Overconfidence bias
Overconfidence bias is the tendency to overestimate the accuracy of one's own judgements.
Most people believe they are above-average drivers, which is statistically impossible. Overconfidence bias is the gap between how good we think we are and how good we are.
Overconfidence bias is the tendency to overestimate the accuracy of one's own judgements, knowledge, or abilities. People are systematically more certain than they have any right to be, and the gap between confidence and accuracy is wide, persistent, and consequential.

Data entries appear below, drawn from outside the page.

Theorem lemma2 (R : realType) (n m : nat) (Om : set 'rV[CC R]_n)
    (S S' : set ('rV[CC R]_n -> 'rV[CC R]_m))
    (ip ip' : ('rV[CC R]_n -> 'rV[CC R]_m) -> ('rV[CC R]_n -> 'rV[CC R]_m) -> CC R)
    (fs gs : 'I_m -> 'rV[CC R]_n -> 'rV[CC R]_m) :
  bounded_domain Om -> (1 <= m)%N ->
  quasi_free Om S ip -> quasi_free Om S' ip' ->
  generating_set Om S ip fs -> generating_set Om S' ip' gs ->
  forall z, Om z ->
  [/\ (* well-defined: h (x) 1_z |-> delta h (x) 1_z *)
      (forall h k, delta_graph Om S ip S' ip' fs gs h k ->
         Rz Om S ip z h -> Rz Om S' ip' z k),
      (* defined on all of R (x) C_z *)
      (forall f, S f -> exists h k, delta_graph Om S ip S' ip' fs gs h k /\
         Rz Om S ip z (fsub f h)),
      (* injective *)
      (forall h k, delta_graph Om S ip S' ip' fs gs h k ->
         Rz Om S' ip' z k -> Rz Om S ip z h) &
      (* surjective *)
      (forall k', S' k' -> exists h k, delta_graph Om S ip S' ip' fs gs h k /\
         Rz Om S' ip' z (fsub k' k))].
Proof.
move=> _ _ QF QF' GS GS' z Oz.
have FU := gen_mx_unit QF Oz GS; have GU := gen_mx_unit QF' Oz GS'.
set X := invmx (gen_mx fs z) *m gen_mx gs z.
have XU : X \in unitmx by rewrite unitmx_mul unitmx_inv FU GU.
have transfer i : fs i z *m X = gs i z.
  by rewrite -[fs i z](rowK (fun i => fs i z)) -row_mul mulmxA mulmxV // mul1mx rowK.
have graph_eval := delta_graph_eval QF QF' GS GS' transfer Oz.
split.
- move=> h k G /(Rz_eval0 QF Oz) hz0; have [_ [Sk _]] := G.
  by apply: (Rz_of_eval0 QF' Oz GS' Sk); rewrite (graph_eval _ _ G) hz0 mul0mx.
- move=> f Sf; have [_ _ /(_ z Oz) [_ /(_ f Sf) [c Rfc]]] := GS.
  by do 2!eexists; split; [apply: (delta_graph_cst QF QF' GS GS' c) | exact: Rfc].
- move=> h k G /(Rz_eval0 QF' Oz) kz0; have [Sh _] := G.
  apply: (Rz_of_eval0 QF Oz GS Sh).
  by rewrite -(mulmxK XU (h z)) -(graph_eval _ _ G) kz0 mul0mx.
- move=> f Sf; have [_ _ /(_ z Oz) [_ /(_ f Sf) [c Rfc]]] := GS'.
  by do 2!eexists; split; [apply: (delta_graph_cst QF QF' GS GS' c) | exact: Rfc].
Qed.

Three faces of overconfidence
The bias takes several forms. Overestimation is thinking you are better, faster, or more capable than you are. Overplacement is rating yourself above others, the better-than-average effect that has most people placing themselves in the top half. Overprecision is being too sure your estimates are right, setting confidence intervals far too narrow. The third is especially insidious, because it makes people dismiss the possibility that they are wrong.
Where it does damage
Overconfidence drives a remarkable amount of costly behaviour. It leads entrepreneurs to start ventures with little chance of success, executives to overpay for acquisitions sure they can capture synergies others missed, investors to trade too much, and project planners to promise timelines and budgets they routinely blow, the planning fallacy. Because the confident are persuasive, overconfidence also spreads, rewarded socially even as it misleads.
Hard to cure, possible to manage
Overconfidence resists correction, partly because feedback in many domains is slow, noisy, or absent, so people rarely learn how wrong they were. The defences are structural: seeking disconfirming views, keeping records to compare predictions with outcomes, using the outside view by looking at how similar past efforts actually fared, and building in margins for the errors you are sure you will not make. Forecasting with explicit probabilities, and being scored on them, is one of the few things that genuinely tempers it.
Overconfidence bias is in some ways the most dangerous bias, because it is the one that stops people from suspecting they hold any. A degree of confidence is necessary to act at all, but the systematic excess of it, unexamined, is behind a large share of the avoidable disasters in business and beyond.